Few policies are as consensual as the educational policies implemented in France in recent decades: even if their concrete modalities are debated, no voice is raised against the considerable expansion of schooling to which they lead. Since the 1950s, the rate of baccalaureate holders has increased more than 15-fold . In 1970, 44% of 17-year-olds were in school; today, almost all of them are (96%).

A consensus seems to have been established on the fact that school education would be the best way to instruct and educate a child, to train skilled workers and active citizens. Spreading education more widely would also tend towards more equality of opportunity.

To ask whether these promises have been kept is in no way to contest the value of education. But the same is true of the explosion of schooling as of the development of science and industry which have so enriched our societies but which, by their very dynamic, have damaged nature, produced new inequalities, to the point that we question their infinite expansion… Always more of a good is not necessarily beneficial.

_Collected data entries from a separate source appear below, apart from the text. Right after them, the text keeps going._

(* Let $\ell\ge 2$ and $n_1,\dots,n_\ell$ be positive integers, and let $G$ be the xor-product of the complete graphs $K_{n_1},\dots,K_{n_\ell}$. Then $\omega(G)\le n_1+\dots+n_\ell-\ell+1$.
   Context: The xor-product of graphs $G_1,\dots,G_\ell$ has vertex set $V(G_1)\times\dots\times V(G_\ell)$, two vertices $(g_1,\dots,g_\ell)$ and $(g'_1,\dots,g'_\ell)$ being adjacent iff the number of indices $i$ with $g_ig'_i\in E(G_i)$ is odd. $\omega$ denotes the clique number. *)

From mathcomp Require Import all_boot.
Set Implicit Arguments. Unset Strict Implicit. Unset Printing Implicit Defensive.

(* A simple graph on a finite type T is given by an adjacency relation
   (assumed symmetric and irreflexive where needed). *)

Definition complete_adj (n : nat) : rel 'I_n := fun x y => x != y.

Definition xor_vertex (l : nat) (V : 'I_l -> finType) :=
  {dffun forall i : 'I_l, V i}.

Definition xor_adj (l : nat) (V : 'I_l -> finType)
    (E : forall i, rel (V i)) : rel (xor_vertex V) :=
  fun g g' => odd #|[pred i : 'I_l | E i (g i) (g' i)]|.

Definition is_clique (T : finType) (e : rel T) (K : {set T}) : bool :=
  [forall x in K, forall y in K, (x != y) ==> e x y].

Definition clique_number (T : finType) (e : rel T) : nat :=
  \max_(K : {set T} | is_clique e K) #|K|.

From mathcomp Require Import all_boot.
Set Implicit Arguments. Unset Strict Implicit. Unset Printing Implicit Defensive.

(* Over GF(2), non-adjacency in the xor-product of complete graphs is an
   affine function of the one-hot features [x_i == a] (i < l, 0 < a < n_i):
   [g_i != x_i] = [g_i != 0] + sum_(a != 0) [g_i = 0 or g_i = a] [x_i = a].
   On a clique K these |K| functions restrict to the indicators of the points
   of K, so the 2^|K| sums over subsets of K are pairwise distinct functions;
   all of them lie in an affine span of dimension sum_i (n_i - 1), whence
   2^|K| <= 2^(sum_i (n_i - 1) + 1). *)

Lemma odd_card_big_addb (T : finType) (P : pred T) :
  odd #|[pred i | P i]| = \big[addb/false]_i P i.
Proof.
rewrite -sum1_card (big_morph odd oddD (erefl (odd 0))) big_mkcond.
by apply: eq_bigr => i _; rewrite inE; case: (P i).
Qed.

Lemma big_addb_eq1 (T : finType) (Q : pred T) (y : T) :
  \big[addb/false]_(a | Q a) (y == a) = Q y.
Proof.
have [Qy | nQy] := boolP (Q y).
- rewrite (bigD1 y) //= eqxx big1 // => a /andP[_ /negbTE].
  by rewrite eq_sym.
- by apply/negbTE; rewrite big1 // => a Qa; apply: contraNF nQy => /eqP ->.
Qed.

Section AffineRank.

Variables (T X : finType) (P : {set X}).
Variables (f : T -> T -> bool) (c0 : T -> bool) (c phi : T -> X -> bool).

Hypothesis f_affine :
  forall g x, f g x = c0 g (+) \big[addb/false]_(p in P) (c g p && phi x p).

Definition span_coef (S : {set T}) : bool * {set X} :=
  (\big[addb/false]_(g in S) c0 g,
   [set p in P | \big[addb/false]_(g in S) c g p]).

Lemma big_addb_affine (S : {set T}) x :
  \big[addb/false]_(g in S) f g x =
  (span_coef S).1 (+) \big[addb/false]_(p in (span_coef S).2) phi x p.
Proof.
under eq_bigr do rewrite f_affine.
rewrite big_split /= exchange_big /=; congr (_ (+) _).
rewrite big_mkcond [RHS]big_mkcond; apply: eq_bigr => p _.
by rewrite inE -big_distrl /=; case: (p \in P).
Qed.

Variable K : {set T}.
Hypothesis f_diag : {in K &, forall g h, f g h = (g == h)}.

Lemma big_addb_diag (S : {set T}) h :
  S \subset K -> h \in K -> \big[addb/false]_(g in S) f g h = (h \in S).
Proof.
move=> sSK hK; rewrite (eq_bigr (fun g => g == h)); last first.
  by move=> g gS; apply: f_diag => //; apply: (subsetP sSK).
by under eq_bigr do rewrite eq_sym; rewrite big_addb_eq1.
Qed.

Lemma span_coef_inj : {in powerset K &, injective span_coef}.
Proof.
move=> S S'; rewrite !inE => sSK sS'K eq_coef; apply/setP => h.
have [hK | hK] := boolP (h \in K).
  by rewrite -(big_addb_diag sSK hK) -(big_addb_diag sS'K hK)
             !big_addb_affine eq_coef.
have notin_sub (A : {set T}) : A \subset K -> (h \in A) = false.
  by move=> sAK; apply: contraNF hK => /(subsetP sAK).
by rewrite !notin_sub.
Qed.

Lemma card_le_affine_span : #|K| <= #|P|.+1.
Proof.
have sub_span : span_coef @: powerset K \subset setX [set: bool] (powerset P).
  apply/subsetP => _ /imsetP[S _ ->]; rewrite in_setX in_setT inE.
  by apply/subsetP => p; rewrite inE => /andP[].
have := subset_leq_card sub_span.
rewrite card_in_imset; last exact: span_coef_inj.
by rewrite card_powerset cardsX cardsT card_bool card_powerset -expnS leq_exp2l.
Qed.

End AffineRank.

Lemma neq_ord_affine m (b x : 'I_m) :
  (b != x) = (val b != 0) (+)
    \big[addb/false]_(a : 'I_m | val a != 0)
      (((val b == 0) || (b == a)) && (x == a)).
Proof.
have [b0 | bn0] := eqVneq (val b) 0.
- rewrite /= big_addb_eq1; congr negb.
  by rewrite -val_eqE b0 eq_sym.
- rewrite (eq_bigr (fun a => (b == x) && (b == a))); last first.
    move=> a _; have [<- | _] := eqVneq b a; last by rewrite andbF.
    by rewrite andbT eq_sym.
  by rewrite -big_distrr /= big_addb_eq1 bn0 andbT.
Qed.

Section XorCompleteGraphs.

Variables (l : nat) (n : 'I_l -> nat).

Local Notation vertex := (xor_vertex (fun i : 'I_l => 'I_(n i))).
Local Notation adj := (xor_adj (fun i => @complete_adj (n i))).
Local Notation feature := {i : 'I_l & 'I_(n i)}.

Definition nonzero_features : {set feature} := [set p | val (tagged p) != 0].

Definition feature_coef (g : vertex) (p : feature) : bool :=
  (val (g (tag p)) == 0) || (g (tag p) == tagged p).

Lemma not_xor_adj_affine (g x : vertex) :
  ~~ adj g x =
  (~~ \big[addb/false]_(i < l) (val (g i) != 0)) (+)
  \big[addb/false]_(p in nonzero_features)
     (feature_coef g p && (x (tag p) == tagged p)).
Proof.
rewrite /xor_adj odd_card_big_addb addNb; congr negb.
under eq_bigr => i _ do rewrite /complete_adj /= neq_ord_affine.
rewrite big_split /=; congr (_ (+) _).
rewrite (sig_big_dep _ (fun i (a : 'I_(n i)) => val a != 0)
  (fun i (a : 'I_(n i)) => ((val (g i) == 0) || (g i == a)) && (x i == a))).
by apply: eq_bigl => p; rewrite inE.
Qed.

Lemma card_nonzero_ord m : #|[pred a : 'I_m | val a != 0]| = m.-1.
Proof.
case: m => [|m]; first by apply: eq_card0 => -[].
by rewrite (@eq_card _ _ (predC1 ord0)) ?cardC1 ?card_ord.
Qed.

Lemma card_nonzero_features : #|nonzero_features| = \sum_(i < l) (n i).-1.
Proof.
rewrite -sum1_card (eq_bigl (fun p : feature => true && (val (tagged p) != 0))); last first.
  by move=> p; rewrite inE.
rewrite -(sig_big_dep xpredT (fun i (a : 'I_(n i)) => val a != 0) (fun _ _ => 1)).
by apply: eq_bigr => i _; rewrite sum1_card card_nonzero_ord.
Qed.

End XorCompleteGraphs.

Theorem theorem3p1 (l : nat) (n : 'I_l -> nat) :
  2 <= l -> (forall i, 0 < n i) ->
  clique_number (xor_adj (V := fun i => 'I_(n i)) (fun i => @complete_adj (n i)))
    <= (\sum_(i < l) n i) - l + 1.
Proof.
move=> _ n_gt0; apply/bigmax_leqP => K /forallP cliqueK.
have nonadj_diag : {in K &, forall g h,
    ~~ xor_adj (fun i => @complete_adj (n i)) g h = (g == h)}.
  move=> g h gK hK; have [<- | gh] := eqVneq g h.
    by rewrite /xor_adj /complete_adj eq_card0 // => i; rewrite !inE eqxx.
  by move: (cliqueK g); rewrite gK => /forallP/(_ h); rewrite hK gh /= => ->.
apply: leq_trans (card_le_affine_span (@not_xor_adj_affine l n) nonadj_diag) _.
have sum_n : \sum_(i < l) n i = \sum_(i < l) (n i).-1 + l.
  rewrite (eq_bigr (fun i => (n i).-1 + 1)) => [|i _]; last by rewrite addn1 prednK.
  by rewrite big_split /= sum1_card card_ord.
by rewrite card_nonzero_features sum_n addnK addn1.
Qed.
(* absolute trace F_{3^m} -> F_3, x |-> sum_{i<m} x^(3^i), read back in 'F_3 *)
Definition trF (m : nat) (x : F) : 'F_3 :=
  odflt 0 [pick k : 'F_3 | (nat_of_ord k)%:R == \sum_(i < m) x ^+ (3 ^ i)].

Definition compR (r : nat) (x : RR) : F :=
  if r == 0%N then c0 x else if r == 1%N then c1 x else c2 x.

(* phi((Tr(a x))_{x in L}) in F_3^{3|L|}, coordinates ordered by enum L *)
Definition codeword (m : nat) (L : {set RR}) (a : RR) : 'rV['F_3]_(3 * #|L|) :=
  \row_(i < 3 * #|L|)
     trF m (compR (i %% 3) (mulR a (nth (0, 0, 0) (enum L) (i %/ 3)))).

Definition phiC (m : nat) (L : {set RR}) : seq 'rV['F_3]_(3 * #|L|) :=
  [seq codeword m L a | a <- enum {: RR}].

End Defs.

Definition hamming (n : nat) (c d : 'rV['F_3]_n) : nat := #|[set i | c 0 i != d 0 i]|.

(* minimum Hamming distance between distinct codewords (n if fewer than 2 words) *)
Definition mindist (n : nat) (P : 'rV['F_3]_n -> bool) : nat :=
  \big[minn/n]_(c : 'rV['F_3]_n)
     \big[minn/n]_(d : 'rV['F_3]_n | [&& P c, P d & c != d]) hamming c d.

(* the linear code spanned by S (equal to S when S is linear) is optimal:
   no ternary linear code of the same length and dimension has larger
   minimum distance *)
Definition optimal (n : nat) (S : seq 'rV['F_3]_n) : Prop :=
  forall C' : {vspace 'rV['F_3]_n},
    \dim C' = \dim <<S>>%VS ->
    (mindist (fun c => c \in C') <= mindist (fun c => c \in S))%N.

(* Evaluation at u = 1, eval1 x = x0 + x1 + x2, is a ring morphism from R onto the
   residue field of the local ring R: in characteristic 3 every x satisfies
   x^3 = eval1(x)^3, so x is a unit iff eval1 x != 0, and L' is the preimage of the
   nonzero squares.  Let L = eval1^-1(P) and q = 3^m.  Each Gray coordinate of the
   codeword of a at x is tr(l(x)) for a linear form l whose coefficients permute those
   of a; substituting s = eval1 x shows that at least q |P| (2q/3) points of L have
   tr(l(x)) != 0, provided P meets the elements of nonzero trace proportionally under
   every dilation (clear for P = F^*, and true for the squares when m is odd, since
   -1 is then a nonsquare).  Hence phi(C(m)) is a ternary code of length 3 q^2 |P|,
   dimension 3m and minimum distance at least 2 q^2 |P|, and the Griesmer bound rules
   out distance 2 q^2 |P| + 1 for ternary linear codes of that length and dimension. *)

From HB Require Import structures.
From mathcomp Require Import all_boot all_order all_algebra all_field.
From mathcomp Require Import zify ring.
Set Implicit Arguments. Unset Strict Implicit. Unset Printing Implicit Defensive.
Import Order.TTheory GRing.Theory.

(* griesmer_sum q k d = \sum_(i < k) ceil(d / q ^ i), the length bound for [n, k, d]_q codes. *)
Fixpoint griesmer_sum (q k d : nat) : nat :=
  if k is k'.+1 then d + griesmer_sum q k' ((d + q.-1) %/ q) else 0.

Lemma leq_griesmer_sum q k k' d :
  k <= k' -> griesmer_sum q k d <= griesmer_sum q k' d.
Proof.
elim: k k' d => [|k IHk] [|k'] d //= le_kk'.
by rewrite leq_add2l IHk.
Qed.

Lemma leq_ceil_div q d w : 0 < q -> d <= q * w -> (d + q.-1) %/ q <= w.
Proof. by move=> q_gt0 le_dqw; rewrite -ltnS ltn_divLR //; lia. Qed.

Lemma griesmer_sum3_exact j l A :
  2 * griesmer_sum 3 (j + l) (3 ^ j * A + 1) + 3 * A
  = 3 ^ j.+1 * A + 2 * j + 2 * griesmer_sum 3 l (A + 1).
Proof.
elim: j => [|j IHj] /=; first by rewrite add0n expn0 mul1n expn1; lia.
have -> : (3 ^ j.+1 * A + 1 + 2) %/ 3 = 3 ^ j * A + 1 by rewrite expnS; lia.
move: IHj; rewrite !expnS; lia.
Qed.

Lemma griesmer_sum3_lb k d : 3 * (3 ^ k - 1) * d <= 2 * 3 ^ k * griesmer_sum 3 k d.
Proof.
elim: k d => [|k IHk] d /=; first by rewrite muln0.
have := IHk ((d + 2) %/ 3); have d_le : d <= 3 * ((d + 2) %/ 3) by lia.
move: d_le; rewrite expnS; have := expn_gt0 3 k.
set g := griesmer_sum _ _ _; set e := (d + 2) %/ 3; case: (3 ^ k) => [//|P] _.
nia.
Qed.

Concerning education, one may wonder whether we are not at the end of a cycle, given that diplomas now punctuate social life, from the daily lives of families to the organization of work, as shown by our survey L’Emprise scolaire – Quand trop d’école tue l’éducation (ed. Presses de Sciences Po, 2024).

A more learned society?

Certainly, opening up access to education has made it possible to significantly raise the level of education of the population, and this was indeed the desired objective. In Europe, France has been a good student , even reaching a higher education graduate rate of over 50% today, higher than the OECD average.

To do this, students, even those with somewhat limited skills, have been actively encouraged to continue their studies. With paradoxical effects today. Of course, since there are more graduates, the level of knowledge has generally increased, but the level of graduates (especially high school graduates) has not increased and, above all, it has become considerably more diverse.

From the end of primary school, the Ministry of Education itself notes a decline in the achievements of the weakest in calculation as in French and an increase in inequalities between students . Similarly, INSEE surveys reveal that if the adult population, who have stayed in school longer, are undoubtedly more “learned”, at the same level of diploma, the older generations are more so .

It is therefore easier to extend the curriculum than to ensure that everyone has acquired the skills they need, in particular to compensate for the difficulties that students encounter in the first years of school. This would require strictly pedagogical investments, aimed at quality rather than quantity.

More qualified workers?

Deeply influenced by the theory of human capital, we believe that more diplomas mean more “profitable” skills for the economy. But graduates would still have to exercise their skills. However, contrary to the “adequacy” prevailing in France, the correspondence between training and employment only exists for a minority of workers. In addition, the flow of young graduates far exceeds the flow of highly qualified jobs to which they aspire, so that many of them find themselves downgraded compared to their hopes and those of their parents .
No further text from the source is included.